In the 'Exploratory Data Analysis' part, we found out that the dataset is imbalanced. We try to deal with the text data imbalance issue by


1. merging smiliar intents
      - There are too many categories relative to the size of the dataset we have. The best approach is to merge categories that have similar intents. 
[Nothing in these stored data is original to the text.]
(* Let $X$ be a strongly shortcut $R$-rough geodesic metric space (for some $R\ge0$). Then there exists $L_X>1$ such that whenever $Y$ is an $R'$-rough geodesic metric space (for some $R'\ge 0$), $C>0$, and $f\colon Y\to X$ is an $(L_X,C)$-quasi-isometry up to scaling, then $Y$ is strongly shortcut. In particular, if $Y$ is a rough geodesic metric space and $f\colon Y\to X$ is a rough similarity, then $Y$ is strongly shortcut.
   Context: $X$ is $R$-rough geodesic if any $x_1,x_2$ are joined by $f\colon[0,\ell]\to X$, $\ell=d(x_1,x_2)$, $f(0)=x_1,f(\ell)=x_2$, with $|d(f(s),f(t))-|s-t||\le R$; a rough geodesic space is one that is $R$-rough geodesic for some $R\ge0$. An $R$-circle is a map $\alpha\colon S\to X$ from a Riemannian circle $S$ of length $|S|$ with $d(\alpha(p),\alpha(q))\le d_S(p,q)+R$; for $K>1$ it is $\frac1K$-almost isometric if $d(\alpha(p),\alpha(\bar p))\ge\frac1K\cdot\frac{|S|}2$ for all antipodal $p,\bar p$. An $R$-rough geodesic space is strongly shortcut if for some $K>1$ there is a bound on the lengths of its $\frac1K$-almost isometric $R$-circles. For a metric space $Y$ and $\lambda>0$, $\lambda Y$ denotes $Y$ with metric multiplied by $\lambda$. A map $f\colon Y\to X$ is a $(K,C)$-quasi-isometry up to scaling if for some $\lambda>0$ it is a $(K,C)$-quasi-isometry $\lambda Y\to X$ (i.e. $\frac1K d-C\le d(f(\cdot),f(\cdot))\le Kd+C$ and every point of $X$ is within $C$ of the image). It is a rough similarity if it is a $(1,C)$-quasi-isometry up to scaling for some $C>0$. *)

From Stdlib Require Import Reals.
Open Scope R_scope.

Definition is_metric {X : Type} (d : X -> X -> R) : Prop :=
  (forall x y, 0 <= d x y) /\
  (forall x y, d x y = 0 <-> x = y) /\
  (forall x y, d x y = d y x) /\
  (forall x y z, d x z <= d x y + d y z).

Definition rough_geodesic {X : Type} (d : X -> X -> R) (Rr : R) : Prop :=
  forall x1 x2 : X, exists f : R -> X,
    f 0 = x1 /\ f (d x1 x2) = x2 /\
    forall s t, 0 <= s <= d x1 x2 -> 0 <= t <= d x1 x2 ->
      Rabs (d (f s) (f t) - Rabs (s - t)) <= Rr.

(* Riemannian circle S of length L > 0 is modelled as [0, L) with the
   intrinsic distance min(|s-t|, L-|s-t|); a map S -> X is a function
   R -> X of which only the values on [0, L) matter. *)
Definition circ_dist (L s t : R) : R := Rmin (Rabs (s - t)) (L - Rabs (s - t)).

Definition in_circle (L s : R) : Prop := 0 <= s < L.

Definition is_R_circle {X : Type} (d : X -> X -> R) (Rr L : R) (alpha : R -> X) : Prop :=
  0 < L /\
  forall s t, in_circle L s -> in_circle L t ->
    d (alpha s) (alpha t) <= circ_dist L s t + Rr.

Definition almost_isometric {X : Type} (d : X -> X -> R) (K L : R) (alpha : R -> X) : Prop :=
  forall s, 0 <= s < L / 2 ->
    d (alpha s) (alpha (s + L / 2)) >= (1 / K) * (L / 2).

Definition strongly_shortcut {X : Type} (d : X -> X -> R) (Rr : R) : Prop :=
  rough_geodesic d Rr /\
  exists K : R, 1 < K /\ exists B : R,
    forall (L : R) (alpha : R -> X),
      is_R_circle d Rr L alpha -> almost_isometric d K L alpha -> L <= B.

Definition quasi_isometry {Y X : Type} (dY : Y -> Y -> R) (dX : X -> X -> R)
  (f : Y -> X) (K C : R) : Prop :=
  (forall y1 y2, (1 / K) * dY y1 y2 - C <= dX (f y1) (f y2) /\
                 dX (f y1) (f y2) <= K * dY y1 y2 + C) /\
  (forall x, exists y, dX x (f y) <= C).
(* Let $\Sigma$ be a finite group and $A$ a pseudofield. The following are equivalent: (1) $A$ is difference closed; (2) for every $n$ and every $E\subseteq A\{y_1,\dots,y_n\}$, if $E$ has a common zero in $B^n$ for some pseudofield $B$ containing $A$, then $E$ has a common zero in $A^n$; (3) for every $n$, every $E\subseteq A\{y_1,\dots,y_n\}$ and every finite $W\subseteq A\{y_1,\dots,y_n\}$, if for some pseudofield $B$ containing $A$ there is a common zero $b\in B^n$ of $E$ with $w(b)\neq0$ for all $w\in W$, then there is a common zero $a\in A^n$ of $E$ with $w(a)\neq0$ for all $w\in W$.
   Context: A difference ring is a commutative ring with identity with an action of the group $\Sigma$ by ring automorphisms. A pseudofield is an absolutely flat difference ring with no $\Sigma$-stable ideals other than $0$ and itself; ''$B$ contains $A$'' means there is an injective difference homomorphism $A\to B$. The difference polynomial ring $A\{y_1,\dots,y_n\}$ is the polynomial ring over $A$ in the indeterminates $\sigma y_i$ ($\sigma\in\Sigma$), with $\Sigma$ acting on coefficients and by $\tau(\sigma y_i)=(\tau\sigma)y_i$; for $b\in B^n$, $f(b)$ is obtained by substituting $\sigma y_i\mapsto\sigma(b_i)$. A pseudofield $A$ is difference closed if for every $n$ and every $\Sigma$-stable ideal $\mathfrak a$ of $A\{y_1,\dots,y_n\}$ the radical of $\mathfrak a$ equals the set of difference polynomials vanishing at every common zero of $\mathfrak a$ in $A^n$. *)

From HB Require Import structures.
From mathcomp Require Import all_boot all_order all_fingroup all_algebra.
Set Implicit Arguments. Unset Strict Implicit. Unset Printing Implicit Defensive.
Import GRing.Theory.
Local Open Scope ring_scope.

(* The difference group Sigma is the whole finite group gT. *)

(* An action of Sigma on a commutative ring R by ring automorphisms:
   each act g is a ring endomorphism (type {rmorphism R -> R}), and
   g |-> act g is a group action (hence each act g is an automorphism). *)
Definition is_diff_action (gT : finGroupType) (R : comNzRingType)
  (act : gT -> {rmorphism R -> R}) : Prop :=
  (forall a, act 1%g a = a) /\
  (forall g h a, act (g * h)%g a = act g (act h a)).

Definition ring_ideal (R : comNzRingType) (I : R -> Prop) : Prop :=
  I 0 /\ (forall x y, I x -> I y -> I (x + y)) /\
  (forall r x, I x -> I (r * x)).

Definition stable_ideal (gT : finGroupType) (R : comNzRingType)
  (act : gT -> {rmorphism R -> R}) (I : R -> Prop) : Prop :=
  ring_ideal I /\ (forall g x, I x -> I (act g x)).

(* Absolutely flat = von Neumann regular (for commutative rings). *)
Definition absolutely_flat (R : comNzRingType) : Prop :=
  forall a : R, exists x : R, a = a * a * x.

Definition pseudofield (gT : finGroupType) (R : comNzRingType)
  (act : gT -> {rmorphism R -> R}) : Prop :=
  absolutely_flat R /\
  (forall I : R -> Prop, stable_ideal act I ->
     (forall x, I x -> x = 0) \/ (forall x, I x)).

(* Indeterminates sigma y_i are indexed by pairs (i, sigma) : 'I_n * gT.
   A monomial is an exponent vector; a difference polynomial is represented
   by a finite formal sum (list) of terms (coefficient, monomial); two lists
   represent the same polynomial iff they have the same coefficients (deq). *)
Definition monom (n : nat) (gT : finGroupType) := {ffun 'I_n * gT -> nat}.
Definition dpoly (A : Type) (n : nat) (gT : finGroupType) :=
  seq (A * monom n gT).

Definition monom0 n gT : monom n gT := [ffun _ => 0%N].
Definition mmul n gT (m1 m2 : monom n gT) : monom n gT :=
  [ffun v => (m1 v + m2 v)%N].

Definition dcoef (A : nmodType) n gT (p : dpoly A n gT) (m : monom n gT) : A :=
  \sum_(t <- p | t.2 == m) t.1.

Definition deq (A : nmodType) n gT (p q : dpoly A n gT) : Prop :=
  forall m, dcoef p m = dcoef q m.

Definition dzero (A : Type) n gT : dpoly A n gT := [::].
Definition dadd (A : Type) n gT (p q : dpoly A n gT) : dpoly A n gT := p ++ q.
Definition dmul (A : comNzRingType) n gT (p q : dpoly A n gT) : dpoly A n gT :=
  [seq (t.1 * u.1, mmul t.2 u.2) | t <- p, u <- q].
Definition done_ (A : comNzRingType) n gT : dpoly A n gT := [:: (1, monom0 n gT)].
Definition dexp (A : comNzRingType) n gT (p : dpoly A n gT) (k : nat) :
  dpoly A n gT := iter k (dmul p) (done_ A n gT).

(* Sigma-action on A{y}: on coefficients, and tau(sigma y_i) = (tau sigma) y_i;
   so the exponent of (i, rho) in tau(m) is the exponent of (i, tau^-1 rho) in m. *)
Definition dact (A : comNzRingType) n (gT : finGroupType)
  (actA : gT -> {rmorphism A -> A}) (g : gT) (p : dpoly A n gT) : dpoly A n gT :=
  map (fun t : A * monom n gT =>
         (actA g t.1, [ffun v : 'I_n * gT => t.2 (v.1, (g^-1 * v.2)%g)] : monom n gT)) p.

Definition deval (A : comNzRingType) (B : comNzRingType) n (gT : finGroupType)
  (phi : A -> B) (actB : gT -> {rmorphism B -> B}) (b : 'I_n -> B)
  (p : dpoly A n gT) : B :=
  \sum_(t <- p) phi t.1 * \prod_(v : 'I_n * gT) (actB v.2 (b v.1)) ^+ (t.2 v).

Definition dpoly_ideal (A : comNzRingType) n gT (I : dpoly A n gT -> Prop) : Prop :=
  I (dzero A n gT) /\
  (forall p q, I p -> I q -> I (dadd p q)) /\
  (forall p q, I q -> I (dmul p q)) /\
  (forall p q, deq p q -> I p -> I q).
2.   augmenting text data which belong to minority class
      - There are several methods to augment text data, including: 
          - back translation (e.g. English -> French -> English)
          - __paraphrasing__
      - We use paraphrasing, because most of the time, we noticed that back translation gives you almost the identical (even word by word) result before and after translation. Parapharsing, on the other hand, gives you a similar but not the same result as the original sentences. But, sometimes, the parapharsing technique even changes some important keywords, so that it doesn't seem to belong to the category anymore For example, when we apply technique to the 'contactless_not_working' category, the keyword 'contactless' translates to other words, so they can't be classifed to the cateogry anymore. In such cases, we either merge the class to similar categories, or remove the minority category when there are not enough data. After data augmentation, we examine whether there are exactly the same sentences in each of the category. If the same sentences are found, we only keep one of them. 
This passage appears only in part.